Creating and Using Lookaside Lists
A driver calls ExInitialize[N]PagedLookasideList
to set up a lookaside list, ExAllocateFrom[N]PagedLookasideList to allocate
a buffer from the list, and ExFreeTo[N]PagedLookasideList to free a
buffer to the list.
Even if a lookaside list is allocated in
paged memory, the head of the list must be allocated in nonpaged memory because
the system scans it at DISPATCH_LEVEL to perform various bookkeeping chores.

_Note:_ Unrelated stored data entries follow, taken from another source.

(* Resetting g at the two points of e does not affect the events of S. *)
Lemma card_avoiding_occurs S e : e.1.1 != e.2.1 ->
  (forall f, f \in S -> ~~ touches e.1.1 f && ~~ touches e.2.1 f) ->
  #|avoiding S| = n * n * #|[set g in avoiding S | occurs g e]|.
Proof.
move=> neq far.
pose upd g (ab : 'I_n * 'I_n) : {ffun P -> 'I_n} :=
  [ffun p => if p == e.1.1 then ab.1 else if p == e.2.1 then ab.2 else g p].
have occurs_upd g ab f : f \in S -> occurs (upd g ab) f = occurs g f.
  move/far; rewrite /touches !negb_or => /andP[/andP[n11 n21] /andP[n12 n22]].
  rewrite /occurs !ffunE (negbTE n11) (negbTE n21).
  by rewrite eq_sym (negbTE n12) eq_sym (negbTE n22).
have avoiding_upd g ab :
    [forall f in S, ~~ occurs (upd g ab) f] = [forall f in S, ~~ occurs g f].
  by apply: eq_forallb_in => f /occurs_upd ->.
pose Mset := [set g in avoiding S | occurs g e].
have upd_inj : {in setX [set: 'I_n * 'I_n] Mset &, injective (fun t => upd t.2 t.1)}.
  move=> [[a b] g] [[a' b'] g']; rewrite !inE /= => /andP[_ /andP[/eqP g1 /eqP g2]].
  move=> /andP[_ /andP[/eqP g1' /eqP g2']] eq_upd.
  have eq_at p := congr1 (fun h : {ffun P -> 'I_n} => h p) eq_upd.
  have := eq_at e.1.1; have := eq_at e.2.1; rewrite /= !ffunE eqxx eq_sym (negbTE neq) eqxx.
  move=> /= -> ->; congr (_, _).
  apply/ffunP=> p; have := eq_at p; rewrite /= !ffunE.
  by case: eqP => [->|_]; [rewrite g1 g1'|case: eqP => [->|//]; rewrite g2 g2'].
have -> : n * n * #|Mset| = #|setX [set: 'I_n * 'I_n] Mset|.
  by rewrite cardsX cardsT card_prod card_ord.
rewrite -(card_in_imset upd_inj); apply: eq_card => g.
rewrite inE; apply/idP/imsetP => [avoid_g|[[ab h]]].
  exists ((g e.1.1, g e.2.1), upd g (e.1.2, e.2.2)).
    rewrite !inE /= avoiding_upd avoid_g /occurs !ffunE eqxx.
    by rewrite [e.2.1 == _]eq_sym (negbTE neq) !eqxx.
  apply/ffunP=> p; rewrite !ffunE.
  by case: eqP => [->//|_]; case: eqP => [->//|_].
by rewrite !inE /= => /andP[h_avoid _] ->; rewrite avoiding_upd.
Qed.

Lemma card_avoiding_le_sum S S' : S' \subset S ->
  #|avoiding S'| <=
    #|avoiding S| + \sum_(f in S :\: S') #|[set g in avoiding S' | occurs g f]|.
Proof.
move=> sS'S; rewrite -(cardsID (avoiding S) (avoiding S')).
rewrite leq_add ?subset_leq_card ?subsetIr //.
apply: card_le_sum_cover => g; rewrite inE => /andP[g_bad g_avoid].
move: g_bad; rewrite inE negb_forall_in => /existsP[f /andP[fS /negPn occ]].
exists f; last by rewrite inE g_avoid occ.
rewrite inE fS andbT; apply: contraL g_avoid => fS'.
by rewrite inE negb_forall_in; apply/existsP; exists f; rewrite fS' occ.
Qed.

Variables (Sb : {set event}) (L : nat).
Hypothesis Sb_proper : forall e, e \in Sb -> e.1.1 != e.2.1.
Hypothesis Sb_degree : forall p, #|[set e in Sb | touches p e]| <= L.
Hypothesis n_gt1 : 1 < n.
Hypothesis n_large : 8 * L <= n * n.

Lemma avoiding_occurs_le S e : S \subset Sb -> e \in Sb ->
  n * n * #|[set g in avoiding S | occurs g e]| <= 2 * #|avoiding S|.
Proof.
have [m] := ubnP #|S|; elim: m => // m IH in S e *; rewrite ltnS => leSm sSSb eSb.
pose far := [set f in S | ~~ touches e.1.1 f && ~~ touches e.2.1 f].
have sfS : far \subset S by apply/subsetP=> f; rewrite inE => /andP[].
have uniform : #|avoiding far| = n * n * #|[set g in avoiding far | occurs g e]|.
  by apply: card_avoiding_occurs => [|f]; [exact: Sb_proper | rewrite inE => /andP[]].
have occurs_far :
    #|[set g in avoiding S | occurs g e]| <= #|[set g in avoiding far | occurs g e]|.
  apply/subset_leq_card/subsetP=> g; rewrite [g \in [set _ in _ | _]]inE.
  by case/andP=> /(subsetP (avoidingS sfS)) ? occ; rewrite inE occ andbT.
have near_small : 4 * #|S :\: far| <= n * n.
  suff : #|S :\: far| <= L + L by lia.
  apply: leq_trans (leq_add (Sb_degree e.1.1) (Sb_degree e.2.1)).
  apply: leq_trans (leq_card_setU _ _); apply/subset_leq_card/subsetP=> f.
  rewrite !inE => /andP[]; case: (f \in S) (subsetP sSSb f) => // /(_ isT) -> /=.
  by rewrite negb_and !negbK.
have near_occurs f : f \in S :\: far ->
    n * n * #|[set g in avoiding far | occurs g f]| <= 2 * #|avoiding far|.
  case/setDP=> fS f_near; apply: IH; last exact: subsetP sSSb f fS.
    rewrite (leq_trans _ leSm) // proper_card // properEneq sfS andbT.
    by apply: contraNneq f_near => ->.
  exact: subset_trans sfS sSSb.
have sum_occurs : n * n * \sum_(f in S :\: far) #|[set g in avoiding far | occurs g f]|
    <= #|S :\: far| * (2 * #|avoiding far|).
  by rewrite big_distrr -sum_nat_const leq_sum.
have far_le : #|avoiding far| <= 2 * #|avoiding S|.
  have nn_gt0 : 0 < n * n by rewrite muln_gt0 (ltnW n_gt1).
  rewrite -(leq_pmul2l nn_gt0).
  have := leq_mul (leqnn (n * n)) (card_avoiding_le_sum sfS); rewrite mulnDr.
  have := leq_mul near_small (leqnn #|avoiding far|).
  lia.
by rewrite (leq_trans _ far_le) // uniform leq_mul2l occurs_far orbT.
Qed.

Lemma avoidingD1 S e : e \in S ->
  avoiding S = avoiding (S :\ e) :\: [set g | occurs g e].
Proof.
move=> eS; apply/setP=> g; rewrite !inE andbC.
apply/forall_inP/andP => [avoid | [avoid no_e] f fS].
  by split; [apply/forall_inP=> f; rewrite !inE => /andP[_]; apply: avoid | exact: avoid].
have [-> //|ne] := eqVneq f e.
by move/forall_inP: avoid; apply; rewrite !inE ne.
Qed.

Typically, drivers store a pointer to the head of the list in the device
extension.
For example, a network adapter driver
that receives data into fixed-size blocks might set up a lookaside list for the
blocks as follows:
ExInitializeNPagedLookasideList
(&FdoData->RecvLookasideList,
NULL,
NULL,
0,
RecvBlockSize,
‘LciN’,
0);
The lookaside list in the example is
allocated from nonpaged memory because the driver accesses it at DISPATCH_LEVEL
or higher. The first parameter identifies the location in nonpaged memory where
the driver stores the head of the list. This location must be at least sizeof (NPAGED_LOOKASIDE_LIST). The two
NULL parameters represent the driver routines that the system calls to allocate
and free buffers from the list. If the driver passes NULL, the system uses ExAllocatePoolWithTag and ExFreePoolWithTag. Although a driver
can supply its own routines, using the system’s allocation routines is generally
more efficient. The fourth parameter supplies internal flags and must be zero.
The fifth parameter, RecvBlockSize, specifies the size of each buffer in the
list, and the sixth is the tag used for the pool allocation. The final
parameter is also reserved for internal use and must be zero.
Later, to allocate and use a buffer from
the list, the driver calls ExAllocateFromNPagedLookasideList,
as follows:
pRecvBlock =
ExAllocateFromNPagedLookasideList (
&FdoData->RecvLookasideList);
If the allocation fails for any reason,
the allocation routine returns a NULL pointer. The driver should validate the
result and either return an error or retry the operation until it receives a
valid pointer.
To free a buffer that was allocated from
the list, the driver calls ExFreeToNPagedLookasideList,
passing a pointer to the head of the list and a pointer to the buffer to free,
as follows:
ExFreeToNPagedLookasideList (
&FdoData->RecvLookasideList,
pRecvBlock);
To avoid using memory unnecessarily,
drivers should free buffers as soon as they are no longer needed.
Finally, when the driver no longer needs
any buffers from the list, it calls ExDeleteNPagedLookasideList.
ExDeleteNPagedLookasideList (
&FdoData->RecvLookasideList);
The list need not be empty because this
function deletes any remaining buffers and then deletes the list itself.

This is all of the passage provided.